That HTML5 Gamepad Emu lead to the idea that maybe the basic Unity3D plugin should use the same code so that people just getting started have far less work to do. If they just want a simple controller they can add it to their game in a few lines. Unfortunately Unity3D’s input system isn’t really designed for 100s of players so I can’t just emulate it but I can probably make the changes needed minimal. Still that’s more work that’s not games.

And, the truth is, games are all that matters. Games are what people will see. Games are what people experience when I show it off and so far while there are a ton of ideas I’ve pretty much done none of them. The games I have to show are either low-hanging fruit of 30 year old games with lots of players or else simple tech demos just showing that the system works.

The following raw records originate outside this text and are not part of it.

Lemma computable_comp k f gs :
  computable (length gs) f -> Forall (computable k) gs ->
  computable k (fun xs => f (map (fun g => g xs) gs)).
Proof.
  intros [cf Hf] Hgs.
  assert (Hcs : exists cs, Forall2 (fun g c => forall xs, length xs = k -> eval c xs (g xs)) gs cs).
  { clear Hf. induction Hgs as [|g gs [c Hc] _ IH].
    - exists []. constructor.
    - destruct IH as [cs Hcs]. exists (c :: cs). constructor; auto. }
  destruct Hcs as [cs Hcs].
  exists (cComp cf cs). intros xs Hl. apply ev_comp with (ys := map (fun g => g xs) gs).
  - clear Hf Hgs. induction Hcs; constructor; auto.
  - apply Hf. apply length_map.
Qed.

Lemma computable_succ k f : computable k f -> computable k (fun xs => S (f xs)).
Proof.
  intros Hf. apply (computable_comp k (fun ys => S (nth 0 ys 0)) [f]); [|repeat constructor; auto].
  exists cSucc. intros [|y []] Hl; try discriminate. apply ev_succ.
Qed.

Lemma computable_prec k g h :
  computable k g -> computable (S (S k)) h ->
  computable (S k) (fun xs =>
    nat_rec (fun _ => nat) (g (tl xs)) (fun m r => h (m :: r :: tl xs)) (hd 0 xs)).
Proof.
  intros [cg Hg] [ch Hh]. exists (cPrec cg ch). intros [|n ys] Hl; [discriminate|].
  injection Hl as Hl. simpl. induction n as [|n IH].
  - apply ev_prec0. apply Hg. exact Hl.
  - eapply ev_precS; [apply IH | apply Hh; simpl; lia].
Qed.
(* Let $n\ge 2$ be even and let $\Phi\subset\mathbb{R}^3$ be a root system of type $I_2(n)$ (the $2n$ unit vectors at angles $k\pi/n$, $k=0,\dots,2n-1$, in a 2-dimensional subspace of $\mathbb{R}^3$). Let $P$ be the group generated under the geometric product by $\Phi\cup\{e_1e_2e_3\}$ and let $G=P\cap \mathrm{Cl}^+(3)$ be its even part. Then $G$, regarded as a set of vectors in the 4-dimensional Euclidean space $(\mathrm{Cl}^+(3),(\cdot,\cdot))$, is a root system of type $I_2(n)\oplus I_2(n)$.
   Context: $\mathrm{Cl}(3)$ is the real Clifford algebra of Euclidean $\mathbb{R}^3=\mathrm{span}\{e_1,e_2,e_3\}$ with orthonormal basis $e_1,e_2,e_3$ ($e_i^2=1$, $e_ie_j=-e_je_i$ for $i\neq j$); vectors of $\mathbb{R}^3$ are elements of $\mathrm{Cl}(3)$ and $e_1e_2e_3$ is the pseudoscalar (inversion). The even subalgebra $\mathrm{Cl}^+(3)$ is spanned by $1,e_2e_3,e_3e_1,e_1e_2$. Reversal $\tilde{\ }$ reverses the order of vector factors. The spinor inner product $(R_1,R_2)=\tfrac12(R_1\tilde R_2+R_2\tilde R_1)$ makes $\mathrm{Cl}^+(3)$ a 4D Euclidean space with orthonormal basis $1,e_2e_3,e_3e_1,e_1e_2$. A root system is a finite set $\Phi$ of nonzero vectors in a Euclidean space, spanning its linear span, with $\Phi\cap\mathbb{R}\alpha=\{\pm\alpha\}$ and $s_\alpha(\Phi)=\Phi$ for all $\alpha\in\Phi$, where $s_\alpha(x)=x-2\frac{(x,\alpha)}{(\alpha,\alpha)}\alpha$. $I_2(n)$ denotes the rank-2 root system of the dihedral group of order $2n$; $I_2(n)\oplus I_2(n)$ is the orthogonal union of two copies of it in mutually orthogonal planes. *)

From HB Require Import structures.
From mathcomp Require Import all_boot all_order all_algebra.
From mathcomp Require Import reals trigo.
Set Implicit Arguments. Unset Strict Implicit. Unset Printing Implicit Defensive.
Import Order.TTheory GRing.Theory Num.Theory.
Local Open Scope ring_scope.

(* A basis blade is indexed by (a1,a2,a3) : bool*bool*bool and stands for
   e1^a1 e2^a2 e3^a3 (in this order). *)
Definition blade := (bool * bool * bool)%type.
Notation cl3 R := ({ffun blade -> (R : realType)^o}) (only parsing).

Definition bxor (a b : blade) : blade :=
  (addb a.1.1 b.1.1, addb a.1.2 b.1.2, addb a.2 b.2).

(* sign with e1^a1 e2^a2 e3^a3 * e1^b1 e2^b2 e3^b3 = sgn * blade (bxor a b),
   using e_i^2 = 1 and e_i e_j = - e_j e_i for i <> j *)
Definition bsgn (R : realType) (a b : blade) : R :=
  (-1) ^+ (b.1.1 * (a.1.2 + a.2) + b.1.2 * a.2)%N.

Definition grade (a : blade) : nat := (a.1.1 + a.1.2 + a.2)%N.

Definition gp (R : realType) (x y : cl3 R) : cl3 R :=
  [ffun c => \sum_(a : blade) \sum_(b : blade)
     (if bxor a b == c then bsgn R a b * x a * y b else 0)].

Definition rev (R : realType) (x : cl3 R) : cl3 R :=
  [ffun a => (-1) ^+ 'C(grade a, 2) * x a].

Definition blade_elt (R : realType) (c : blade) : cl3 R :=
  [ffun a => if a == c then 1 else 0].

Definition cl1 (R : realType) : cl3 R := blade_elt R (false, false, false).
Definition e123 (R : realType) : cl3 R := blade_elt R (true, true, true).

Definition scal (R : realType) (x : cl3 R) : R := x (false, false, false).

Definition vec (R : realType) (w : 'rV[R]_3) : cl3 R :=
  w ord0 0 *: blade_elt R (true, false, false)
  + w ord0 1 *: blade_elt R (false, true, false)
  + w ord0 2 *: blade_elt R (false, false, true).

Definition dot (R : realType) (u v : 'rV[R]_3) : R := \sum_i u ord0 i * v ord0 i.

Definition even_elt (R : realType) (x : cl3 R) : Prop :=
  forall a : blade, odd (grade a) -> x a = 0.

Definition spinor_ip (R : realType) (x y : cl3 R) : R :=
  (scal (gp x (rev y)) + scal (gp y (rev x))) / 2.

Definition gen_or_inv (R : realType) (S : cl3 R -> Prop) (s : cl3 R) : Prop :=
  S s \/ exists t, S t /\ gp t s = cl1 R /\ gp s t = cl1 R.

Inductive gen_group (R : realType) (S : cl3 R -> Prop) : cl3 R -> Prop :=
  | gen_group_one : gen_group S (cl1 R)
  | gen_group_mul : forall s x, gen_or_inv S s -> gen_group S x ->
                      gen_group S (gp s x).

Definition reflect_in (R : realType) (V : lmodType R) (ip : V -> V -> R)
  (a x : V) : V := x - (2 * ip x a / ip a a) *: a.

(* A root system: a finite set of nonzero vectors with
   Phi /\ R a = {a, -a} and s_a(Phi) = Phi for all a in Phi.
   ("spanning its linear span" is automatic.) *)
Definition is_root_system (R : realType) (V : lmodType R) (ip : V -> V -> R)
  (Phi : V -> Prop) : Prop :=
  [/\ (exists s : seq V, forall x, Phi x <-> x \in s),
      (forall a, Phi a -> a != 0),
      (forall a, Phi a -> forall c : R, Phi (c *: a) <-> (c = 1 \/ c = -1))
    & (forall a x, Phi a -> Phi x -> Phi (reflect_in ip a x))].

Definition dihedral_roots (R : realType) (V : lmodType R) (n : nat) (a b : V)
  (x : V) : Prop :=
  exists2 k : nat, (k < 2 * n)%N &
    x = cos (k%:R * pi / n%:R) *: a + sin (k%:R * pi / n%:R) *: b.

Definition type_I2_sum_I2 (R : realType) (V : lmodType R) (ip : V -> V -> R)
  (n : nat) (Phi : V -> Prop) : Prop :=
  exists a1 b1 a2 b2 : V,
    [/\ [/\ ip a1 a1 = 1, ip b1 b1 = 1, ip a2 a2 = 1 & ip b2 b2 = 1],
        [/\ ip a1 b1 = 0, ip a1 a2 = 0 & ip a1 b2 = 0],
        [/\ ip b1 a2 = 0, ip b1 b2 = 0 & ip a2 b2 = 0]
      & (forall x, Phi x <-> (dihedral_roots n a1 b1 x \/ dihedral_roots n a2 b2 x))].

Definition I2_in_R3 (R : realType) (n : nat) (u v : 'rV[R]_3) (x : cl3 R) : Prop :=
  exists2 k : nat, (k < 2 * n)%N &
    x = vec (cos (k%:R * pi / n%:R) *: u + sin (k%:R * pi / n%:R) *: v).

From HB Require Import structures.
From mathcomp Require Import all_boot all_order all_algebra.
From mathcomp Require Import reals trigo.
From mathcomp Require Import ring zify.
Set Implicit Arguments. Unset Strict Implicit. Unset Printing Implicit Defensive.
Import Order.TTheory GRing.Theory Num.Theory.
Local Open Scope ring_scope.

(* Write B = uv and I = e1e2e3.  Since u, v anticommute and square to 1 and I
   is central with I^2 = -1, multiplying by a generator c u + s v or by I
   permutes the four families c + s B,  c u + s v,  I (c + s B),  I (c u + s v),
   where (c, s) = (cos (k pi / n), sin (k pi / n)) runs over a group of 2n
   points of the unit circle; each family is closed under negation, which
   covers the inverse -I of I.  So P lies in their union, and its even part G
   is the union of the first and last families, which visibly belong to P.  In
   the spinor metric 1, B, I u, I v are orthonormal, so G is the union of two
   I_2(n) systems in orthogonal planes; such a union is a root system because
   a reflection in one plane fixes the other plane pointwise. *)

Section Cl3Coordinates.
Variable R : realType.
Implicit Types (x y : cl3 R) (k : R) (p q : 'rV[R]_3).

Lemma sum_bladeE (F : blade -> R^o) : \sum_(a : blade) F a =
  F (false,false,false) + F (false,false,true) + F (false,true,false) + F (false,true,true)
  + F (true,false,false) + F (true,false,true) + F (true,true,false) + F (true,true,true).
Proof.
have sum_pairE (T : finType) (G : T * bool -> R^o) :
    \sum_a G a = \sum_t (G (t, true) + G (t, false)).
  rewrite -(eq_bigr _ (fun t _ => big_bool _ (fun b => G (t, b)))) pair_bigA.
  by apply: eq_bigr => -[].
by rewrite !sum_pairE big_bool /=; ring.
Qed.

Lemma gpE x y c :
  gp x y c = \sum_(a : blade) bsgn R a (bxor a c) * x a * y (bxor a c).
Proof.
rewrite ffunE; apply: eq_bigr => a _; rewrite (bigD1 (bxor a c)) //= big1 ?addr0.
  by case: a c => [[? ?] ?] [[? ?] ?]; rewrite /bxor /= !addKb eqxx.
by move=> b; case: a b c => [[[] []] []] [[[] []] []] [[[] []] []].
Qed.

Lemma cl3D x y a : (x + y) a = x a + y a. Proof. by rewrite ffunE. Qed.
Lemma cl3N x a : (- x) a = - x a. Proof. by rewrite ffunE. Qed.
Lemma cl3Z k x a : (k *: x) a = k * x a. Proof. by rewrite ffunE. Qed.
Lemma blade_eltE c a : blade_elt R c a = if a == c then 1 else 0.
Proof. by rewrite ffunE. Qed.

Lemma vecE p a : vec p a =
  match a with
  | (true, false, false) => p ord0 0
  | (false, true, false) => p ord0 1
  | (false, false, true) => p ord0 2
  | _ => 0
  end.
Proof.
by rewrite /vec !cl3D !cl3Z !blade_eltE; case: a => [[[] []] []] /=; ring.
Qed.

Lemma dotE p q :
  dot p q = p ord0 0 * q ord0 0 + p ord0 1 * q ord0 1 + p ord0 2 * q ord0 2.
Proof.
rewrite /dot !big_ord_recl big_ord0 addr0 addrA.
by congr (_ * _ + _ * _ + _ * _); congr (_ _ _); apply/val_inj.
Qed.

Lemma spinor_ipE x y : spinor_ip x y = \sum_(a : blade) x a * y a.
Proof.
rewrite /spinor_ip /scal !gpE !sum_bladeE /rev !ffunE /bsgn /bxor /=.
by field.
Qed.
End Cl3Coordinates.

Ltac cl3_expand := rewrite ?dotE ?(cl3D, cl3N, cl3Z) ?(gpE, sum_bladeE)
  ?(vecE, blade_eltE, cl3D, cl3N, cl3Z) /bsgn /bxor /=.
Ltac cl3_coords := apply/ffunP => -[[[] []] []]; cl3_expand.

Section Cl3Algebra.
Variable R : realType.
Implicit Types (x y z : cl3 R) (k : R) (p q : 'rV[R]_3).
Local Notation I := (e123 R).

Lemma gpA x y z : gp (gp x y) z = gp x (gp y z).
Proof. by cl3_coords; ring. Qed.
Lemma gpDl x y z : gp (x + y) z = gp x z + gp y z.
Proof. by cl3_coords; ring. Qed.
Lemma gpDr x y z : gp x (y + z) = gp x y + gp x z.
Proof. by cl3_coords; ring. Qed.
Lemma gpZl k x y : gp (k *: x) y = k *: gp x y.
Proof. by cl3_coords; ring. Qed.
Lemma gpZr k x y : gp x (k *: y) = k *: gp x y.
Proof. by cl3_coords; ring. Qed.
Lemma gp1x x : gp (cl1 R) x = x.
Proof. by cl3_coords; ring. Qed.
Lemma gpx1 x : gp x (cl1 R) = x.
Proof. by cl3_coords; ring. Qed.

Lemma gpNl x y : gp (- x) y = - gp x y.
Proof. by rewrite -scaleN1r gpZl scaleN1r. Qed.
Lemma gpNr x y : gp x (- y) = - gp x y.
Proof. by rewrite -scaleN1r gpZr scaleN1r. Qed.
Lemma gp0x x : gp 0 x = 0.
Proof. by rewrite -(scale0r (0 : cl3 R)) gpZl !scale0r. Qed.
Lemma gpx0 x : gp x 0 = 0.
Proof. by rewrite -(scale0r (0 : cl3 R)) gpZr !scale0r. Qed.

Lemma cl1_neq0 : cl1 R != 0.
Proof.
apply/eqP => /ffunP/(_ (false, false, false)).
by rewrite blade_eltE ffunE; apply/eqP/oner_neq0.
Qed.

Lemma gp_unit_neq0 x y : gp x y = cl1 R -> x != 0.
Proof. by move=> xy; apply: contra_eq_neq xy => ->; rewrite gp0x eq_sym cl1_neq0. Qed.

Lemma gp_inv_uniq x y z : gp x y = cl1 R -> gp y z = cl1 R -> x = z.
Proof. by move=> xy yz; rewrite -[x]gpx1 -yz -gpA xy gp1x. Qed.

Lemma gp_e123C x : gp I x = gp x I.
Proof. by cl3_coords; ring. Qed.
Lemma gpCA_e123 x y : gp x (gp I y) = gp I (gp x y).
Proof. by rewrite -gpA -gp_e123C gpA. Qed.
Lemma gp_e123e123 : gp I I = - cl1 R.
Proof. by cl3_coords; ring. Qed.

Lemma vecD a b p q : vec (a *: p + b *: q) = a *: vec p + b *: vec q.
Proof. by cl3_coords; rewrite !mxE; ring. Qed.
Local Notation e23 := (blade_elt R (false, true, true)).
Local Notation e13 := (blade_elt R (true, false, true)).
Local Notation e12 := (blade_elt R (true, true, false)).

Lemma vec_mulE p q : gp (vec p) (vec q) = dot p q *: cl1 R
  + (p ord0 1 * q ord0 2 - p ord0 2 * q ord0 1) *: e23
  + (p ord0 0 * q ord0 2 - p ord0 2 * q ord0 0) *: e13
  + (p ord0 0 * q ord0 1 - p ord0 1 * q ord0 0) *: e12.
Proof. by cl3_coords; ring. Qed.
Lemma e123_vecE p : gp I (vec p) = p ord0 0 *: e23 - p ord0 1 *: e13 + p ord0 2 *: e12.
Proof. by cl3_coords; ring. Qed.

Lemma vec_sq p : gp (vec p) (vec p) = dot p p *: cl1 R.
Proof. by rewrite vec_mulE; cl3_coords; ring. Qed.
Lemma vec_anticomm p q :
  gp (vec p) (vec q) + gp (vec q) (vec p) = (2 * dot p q) *: cl1 R.
Proof. by rewrite !vec_mulE; cl3_coords; ring. Qed.

Definition odd_elt x := forall a : blade, ~~ odd (grade a) -> x a = 0.

Lemma even_elt_zeros x : even_elt x ->
  [/\ x (true,false,false) = 0, x (false,true,false) = 0,
      x (false,false,true) = 0 & x (true,true,true) = 0].
Proof. by move=> x_even; split; apply: x_even. Qed.
Lemma odd_elt_zeros x : odd_elt x ->
  [/\ x (false,false,false) = 0, x (true,true,false) = 0,
      x (true,false,true) = 0 & x (false,true,true) = 0].
Proof. by move=> x_odd; split; apply: x_odd. Qed.

Lemma gp_odd_odd x y : odd_elt x -> odd_elt y -> even_elt (gp x y).
Proof.
move=> /odd_elt_zeros[x0 x1 x2 x3] /odd_elt_zeros[y0 y1 y2 y3] [[[] []] []] //= _;
  by cl3_expand; rewrite x0 x1 x2 x3 y0 y1 y2 y3; ring.
Qed.
Lemma gp_odd_even x y : odd_elt x -> even_elt y -> odd_elt (gp x y).
Proof.
move=> /odd_elt_zeros[x0 x1 x2 x3] /even_elt_zeros[y0 y1 y2 y3] [[[] []] []] //= _;
  by cl3_expand; rewrite x0 x1 x2 x3 y0 y1 y2 y3; ring.
Qed.

Lemma even_elt_comb a b x y :
  even_elt x -> even_elt y -> even_elt (a *: x + b *: y).
Proof.
by move=> x_even y_even c c_odd; rewrite cl3D !cl3Z x_even // y_even // !mulr0 addr0.
Qed.
Lemma odd_elt_comb a b x y :
  odd_elt x -> odd_elt y -> odd_elt (a *: x + b *: y).
Proof.
by move=> x_odd y_odd c c_even; rewrite cl3D !cl3Z x_odd // y_odd // !mulr0 addr0.
Qed.

Lemma even_cl1 : even_elt (cl1 R).
Proof. by move=> [[[] []] []] //= _; rewrite blade_eltE. Qed.
Lemma odd_e123 : odd_elt I.
Proof. by move=> [[[] []] []] //= _; rewrite blade_eltE. Qed.
Lemma odd_vec p : odd_elt (vec p).
Proof. by move=> [[[] []] []] //= _; rewrite vecE. Qed.

Lemma even_odd_eq0 x : even_elt x -> odd_elt x -> x = 0.
Proof.
move=> x_even x_odd; apply/ffunP => a; rewrite ffunE.
by case: (boolP (odd (grade a))) => [/x_even|/x_odd].
Qed.

Lemma spinor_ipC x y : spinor_ip x y = spinor_ip y x.
Proof. by rewrite /spinor_ip addrC. Qed.
Lemma spinor_ipDl x y z : spinor_ip (x + y) z = spinor_ip x z + spinor_ip y z.
Proof. by rewrite !spinor_ipE -big_split; apply: eq_bigr => a _; rewrite cl3D mulrDl. Qed.
Lemma spinor_ipZl k x y : spinor_ip (k *: x) y = k * spinor_ip x y.
Proof. by rewrite !spinor_ipE mulr_sumr; apply: eq_bigr => a _; rewrite cl3Z mulrA. Qed.

Ltac spinor_ip_coords :=
  rewrite ?vec_mulE ?e123_vecE spinor_ipE sum_bladeE; cl3_expand; ring.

So … I’m trying to whittle down the list of must do infrastructure and then concentrate on more games. If you want to collaborate please speak up!

More coming soon

I’ve spent some time getting a native phone app working. I don’t like the idea of an app because it can make things complicated for the user (attach to HFT WiFi, wait you didn’t download the app? Detach from HFT Wifi, download app, reattach to HFT wifi, launch app) Ugh! Or, if your HFT Wifi has internet then you probably get the problem of everyone using it to watch youtube videos and post images to fb/twitter/instagram and eating all your bandwidth making interacting with your installation really laggy 🙁

But, Eddo at UCLA can’t or won’t find creative solutions for the limits of the browser on iOS so he wants an app. So I’ve made one. It seems to work but will still take weeks to get on the app stores (iOS and Android). I’m worried it will ruin HappyFunTimes though. Devs will assume they should use the app. The experience will suck. No one will get it.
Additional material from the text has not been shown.